Work item: Return the full listing, keeping every line exactly as it is.

── Recorded information

Lemma specializes_exchange_poly (T : finType) (B : exmat T) x y k :
  (forall j, specializes (x j) (y j)) ->
  specializes (exchange_poly B x k) (exchange_poly B y k).
Proof.
by move=> sxy; apply: specializes_add; apply: specializes_prod => j; apply: specializes_exp.
Qed.

Lemma specializes_mul_eq x y c e : specializes x y -> x * tofrac c = tofrac e ->
  y * tofrac (phi c) = tofrac (phi e).
Proof.
case=> a [b [_ b_gt0 -> ->]] /(congr1 (fun z => z * tofrac b)).
rewrite mulrAC divfK ?eval1_gt0_neq0 // -!tofracM => /eqP; rewrite tofrac_eq => /eqP abce.
have phib_neq0 : tofrac (phi b) != 0 by rewrite -eval1_phi in b_gt0; apply: eval1_gt0_neq0.
by apply: (mulIf phib_neq0); rewrite mulrAC divfK // -!tofracM -!rmorphM abce.
Qed.

End Specialization.

Section Collapse.
Variables (I : finType) (G : {group {perm I}}).

Definition collapse_vars : #|I|.-tuple {mpoly int[#|{: Defs.orbT G}|]} :=
  [tuple 'X_(enum_rank (orbit_of G (enum_val i))) | i < #|I|].

Definition collapse := comp_mpoly collapse_vars.
HB.instance Definition _ := GRing.RMorphism.on collapse.

Lemma eval1_collapse p : eval1 (collapse p) = eval1 p.
Proof.
by rewrite /eval1 comp_mpoly_meval; apply: meval_eq => i; rewrite tnth_mktuple mevalXU.
Qed.

Lemma collapseXU i : collapse 'X_(enum_rank i) = 'X_(enum_rank (orbit_of G i)).
Proof. by rewrite /collapse comp_mpolyXU -tnth_nth tnth_mktuple enum_rankK. Qed.

Lemma collapseX m : exists m', collapse 'X_[m] = 'X_[m'].
Proof.
exists (\sum_i U_(enum_rank (orbit_of G (enum_val i))) *+ m i)%MM.
by rewrite /collapse comp_mpolyX -mprodXnE; apply: eq_bigr => i _; rewrite tnth_mktuple.
Qed.

Lemma collapse_coef_ge0 p : (forall m, 0 <= p@_m) -> forall m, 0 <= (collapse p)@_m.
Proof.
move=> p_ge0 m; rewrite /collapse comp_mpolyEX raddf_sum /= sumr_ge0 // => m' _.
by have [m'' Xm] := collapseX m'; rewrite mcoeffZ -/collapse Xm mcoeffX mulr_ge0.
Qed.

Lemma specializes_positive_laurent x y :
  specializes collapse x y -> positive_laurent x -> positive_laurent y.
Proof.
move=> sxy [p [m [p_ge0 xmp]]]; have [m' Xm'] := collapseX m.
exists (collapse p), m'; split; first exact: collapse_coef_ge0.
by rewrite -Xm'; apply: (specializes_mul_eq eval1_collapse sxy xmp).
Qed.

End Collapse.

Section OrbitMutations.
Variables (I : finType) (G : {group {perm I}}) (d : I -> nat).
Hypothesis d_gt0 : forall i, (0 < d i)%N.

Definition seeds_specialize (M : exmat I) (sA : exmat I * cluster I)
    (sQ : exmat (Defs.orbT G) * cluster (Defs.orbT G)) :=
  [/\ sA.1 = M, sQ.1 = quot_mx M G &
      forall i, specializes (collapse G) (sA.2 i) (sQ.2 (orbit_of G i))].

Lemma seeds_specialize_orbit_mut M sA sQ (J : Defs.orbT G) :
  skew_wrt d M -> admissible M G -> admissible (orbit_mut (val J) M) G ->
  seeds_specialize M sA sQ ->
  seeds_specialize (orbit_mut (val J) M) (mut_seeds sA (rev (enum (val J))))
    (mut_seed J sQ).
Proof.
move=> skM admM admMJ [eA eQ spec].
rewrite [sA]surjective_pairing [sQ]surjective_pairing eA eQ.
rewrite (mut_seeds_orbit d_gt0) // mut_seedE; split => //=.
  by rewrite (quot_orbit_mut d_gt0) //; case: admMJ.
move=> i; rewrite -mem_orbit_of; case: ifP => // iJ.
rewrite (exchange_poly_quot d_gt0 skM admM _ iJ).
have <- : orbit_of G i = J by apply/eqP; rewrite -mem_orbit_of.
by apply: specializes_div => //; apply: (specializes_exchange_poly (eval1_collapse G)).
Qed.

Variables (A : exmat I).
Hypotheses (skA : skew_wrt d A) (stA : stable A G).

Definition orbit_muts (s : seq (Defs.orbT G)) : exmat I :=
  foldl (fun C (J : Defs.orbT G) => orbit_mut (val J) C) A s.

(* Each orbit is traversed backwards so that the mutations compose to the [foldr] defining
   [orbit_mut]. *)
Definition unfold_orbits (s : seq (Defs.orbT G)) : seq I :=
  flatten [seq rev (enum (val J)) | J : Defs.orbT G <- s].

Lemma orbit_muts_skew s : skew_wrt d (orbit_muts s).
Proof.
elim/last_ind: s => [|s J IH] //.
by rewrite /orbit_muts foldl_rcons; apply: skew_wrt_orbit_mut.
Qed.

Lemma orbit_muts_specialize s :
  seeds_specialize (orbit_muts s) (mut_seeds (A, @init_cluster I) (unfold_orbits s))
    (mut_seeds (quot_mx A G, @init_cluster (Defs.orbT G)) s).
Proof.
elim/last_ind: s => [|s J IH].
  split=> //= i; rewrite /init_cluster -collapseXU; apply: specializes_tofrac.
  by rewrite /eval1 mevalXU.
have admMJ := stA (rcons s J); rewrite foldl_rcons in admMJ.
rewrite /orbit_muts /unfold_orbits map_rcons flatten_rcons /mut_seeds foldl_cat !foldl_rcons.
exact: seeds_specialize_orbit_mut (orbit_muts_skew s) (stA s) admMJ IH.
Qed.

End OrbitMutations.

Theorem mainTheorem14 (I : finType) (A : exmat I) (G : {group {perm I}}) :
  skew_symmetrizable A ->
  admissible A G ->
  stable A G ->
  (forall z, is_cluster_variable A z -> positive_laurent z) ->
  (forall z, is_cluster_variable (quot_mx A G) z -> positive_laurent z).
Proof.
(* [admissible A G] is the case of the empty sequence in [stable A G]. *)
move=> [d [d_gt0 skA]] _ stA posA z [s [P <-]].
have [p <-] := orbit_of_surj P.
have [_ _ spec] := orbit_muts_specialize d_gt0 skA stA s.
apply: specializes_positive_laurent (spec p) _.
by apply: posA; exists (unfold_orbits s), p.
Qed.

────

Exercise answer:
Lemma specializes_exchange_poly (T : finType) (B : exmat T) x y k :
  (forall j, specializes (x j) (y j)) ->
  specializes (exchange_poly B x k) (exchange_poly B y k).
Proof.
by move=> sxy; apply: specializes_add; apply: specializes_prod => j; apply: specializes_exp.
Qed.

Lemma specializes_mul_eq x y c e : specializes x y -> x * tofrac c = tofrac e ->
  y * tofrac (phi c) = tofrac (phi e).
Proof.
case=> a [b [_ b_gt0 -> ->]] /(congr1 (fun z => z * tofrac b)).
rewrite mulrAC divfK ?eval1_gt0_neq0 // -!tofracM => /eqP; rewrite tofrac_eq => /eqP abce.
have phib_neq0 : tofrac (phi b) != 0 by rewrite -eval1_phi in b_gt0; apply: eval1_gt0_neq0.
by apply: (mulIf phib_neq0); rewrite mulrAC divfK // -!tofracM -!rmorphM abce.
Qed.

End Specialization.

Section Collapse.
Variables (I : finType) (G : {group {perm I}}).

Definition collapse_vars : #|I|.-tuple {mpoly int[#|{: Defs.orbT G}|]} :=
  [tuple 'X_(enum_rank (orbit_of G (enum_val i))) | i < #|I|].

Definition collapse := comp_mpoly collapse_vars.
HB.instance Definition _ := GRing.RMorphism.on collapse.

Lemma eval1_collapse p : eval1 (collapse p) = eval1 p.
Proof.
by rewrite /eval1 comp_mpoly_meval; apply: meval_eq => i; rewrite tnth_mktuple mevalXU.
Qed.

Lemma collapseXU i : collapse 'X_(enum_rank i) = 'X_(enum_rank (orbit_of G i)).
Proof. by rewrite /collapse comp_mpolyXU -tnth_nth tnth_mktuple enum_rankK. Qed.

Lemma collapseX m : exists m', collapse 'X_[m] = 'X_[m'].
Proof.
exists (\sum_i U_(enum_rank (orbit_of G (enum_val i))) *+ m i)%MM.
by rewrite /collapse comp_mpolyX -mprodXnE; apply: eq_bigr => i _; rewrite tnth_mktuple.
Qed.

Lemma collapse_coef_ge0 p : (forall m, 0 <= p@_m) -> forall m, 0 <= (collapse p)@_m.
Proof.
move=> p_ge0 m; rewrite /collapse comp_mpolyEX raddf_sum /= sumr_ge0 // => m' _.
by have [m'' Xm] := collapseX m'; rewrite mcoeffZ -/collapse Xm mcoeffX mulr_ge0.
Qed.

Lemma specializes_positive_laurent x y :
  specializes collapse x y -> positive_laurent x -> positive_laurent y.
Proof.
move=> sxy [p [m [p_ge0 xmp]]]; have [m' Xm'] := collapseX m.
exists (collapse p), m'; split; first exact: collapse_coef_ge0.
by rewrite -Xm'; apply: (specializes_mul_eq eval1_collapse sxy xmp).
Qed.

End Collapse.

Section OrbitMutations.
Variables (I : finType) (G : {group {perm I}}) (d : I -> nat).
Hypothesis d_gt0 : forall i, (0 < d i)%N.

Definition seeds_specialize (M : exmat I) (sA : exmat I * cluster I)
    (sQ : exmat (Defs.orbT G) * cluster (Defs.orbT G)) :=
  [/\ sA.1 = M, sQ.1 = quot_mx M G &
      forall i, specializes (collapse G) (sA.2 i) (sQ.2 (orbit_of G i))].

Lemma seeds_specialize_orbit_mut M sA sQ (J : Defs.orbT G) :
  skew_wrt d M -> admissible M G -> admissible (orbit_mut (val J) M) G ->
  seeds_specialize M sA sQ ->
  seeds_specialize (orbit_mut (val J) M) (mut_seeds sA (rev (enum (val J))))
    (mut_seed J sQ).
Proof.
move=> skM admM admMJ [eA eQ spec].
rewrite [sA]surjective_pairing [sQ]surjective_pairing eA eQ.
rewrite (mut_seeds_orbit d_gt0) // mut_seedE; split => //=.
  by rewrite (quot_orbit_mut d_gt0) //; case: admMJ.
move=> i; rewrite -mem_orbit_of; case: ifP => // iJ.
rewrite (exchange_poly_quot d_gt0 skM admM _ iJ).
have <- : orbit_of G i = J by apply/eqP; rewrite -mem_orbit_of.
by apply: specializes_div => //; apply: (specializes_exchange_poly (eval1_collapse G)).
Qed.

Variables (A : exmat I).
Hypotheses (skA : skew_wrt d A) (stA : stable A G).

Definition orbit_muts (s : seq (Defs.orbT G)) : exmat I :=
  foldl (fun C (J : Defs.orbT G) => orbit_mut (val J) C) A s.

(* Each orbit is traversed backwards so that the mutations compose to the [foldr] defining
   [orbit_mut]. *)
Definition unfold_orbits (s : seq (Defs.orbT G)) : seq I :=
  flatten [seq rev (enum (val J)) | J : Defs.orbT G <- s].

Lemma orbit_muts_skew s : skew_wrt d (orbit_muts s).
Proof.
elim/last_ind: s => [|s J IH] //.
by rewrite /orbit_muts foldl_rcons; apply: skew_wrt_orbit_mut.
Qed.

Lemma orbit_muts_specialize s :
  seeds_specialize (orbit_muts s) (mut_seeds (A, @init_cluster I) (unfold_orbits s))
    (mut_seeds (quot_mx A G, @init_cluster (Defs.orbT G)) s).
Proof.
elim/last_ind: s => [|s J IH].
  split=> //= i; rewrite /init_cluster -collapseXU; apply: specializes_tofrac.
  by rewrite /eval1 mevalXU.
have admMJ := stA (rcons s J); rewrite foldl_rcons in admMJ.
rewrite /orbit_muts /unfold_orbits map_rcons flatten_rcons /mut_seeds foldl_cat !foldl_rcons.
exact: seeds_specialize_orbit_mut (orbit_muts_skew s) (stA s) admMJ IH.
Qed.

End OrbitMutations.

Theorem mainTheorem14 (I : finType) (A : exmat I) (G : {group {perm I}}) :
  skew_symmetrizable A ->
  admissible A G ->
  stable A G ->
  (forall z, is_cluster_variable A z -> positive_laurent z) ->
  (forall z, is_cluster_variable (quot_mx A G) z -> positive_laurent z).
Proof.
(* [admissible A G] is the case of the empty sequence in [stable A G]. *)
move=> [d [d_gt0 skA]] _ stA posA z [s [P <-]].
have [p <-] := orbit_of_surj P.
have [_ _ spec] := orbit_muts_specialize d_gt0 skA stA s.
apply: specializes_positive_laurent (spec p) _.
by apply: posA; exists (unfold_orbits s), p.
Qed.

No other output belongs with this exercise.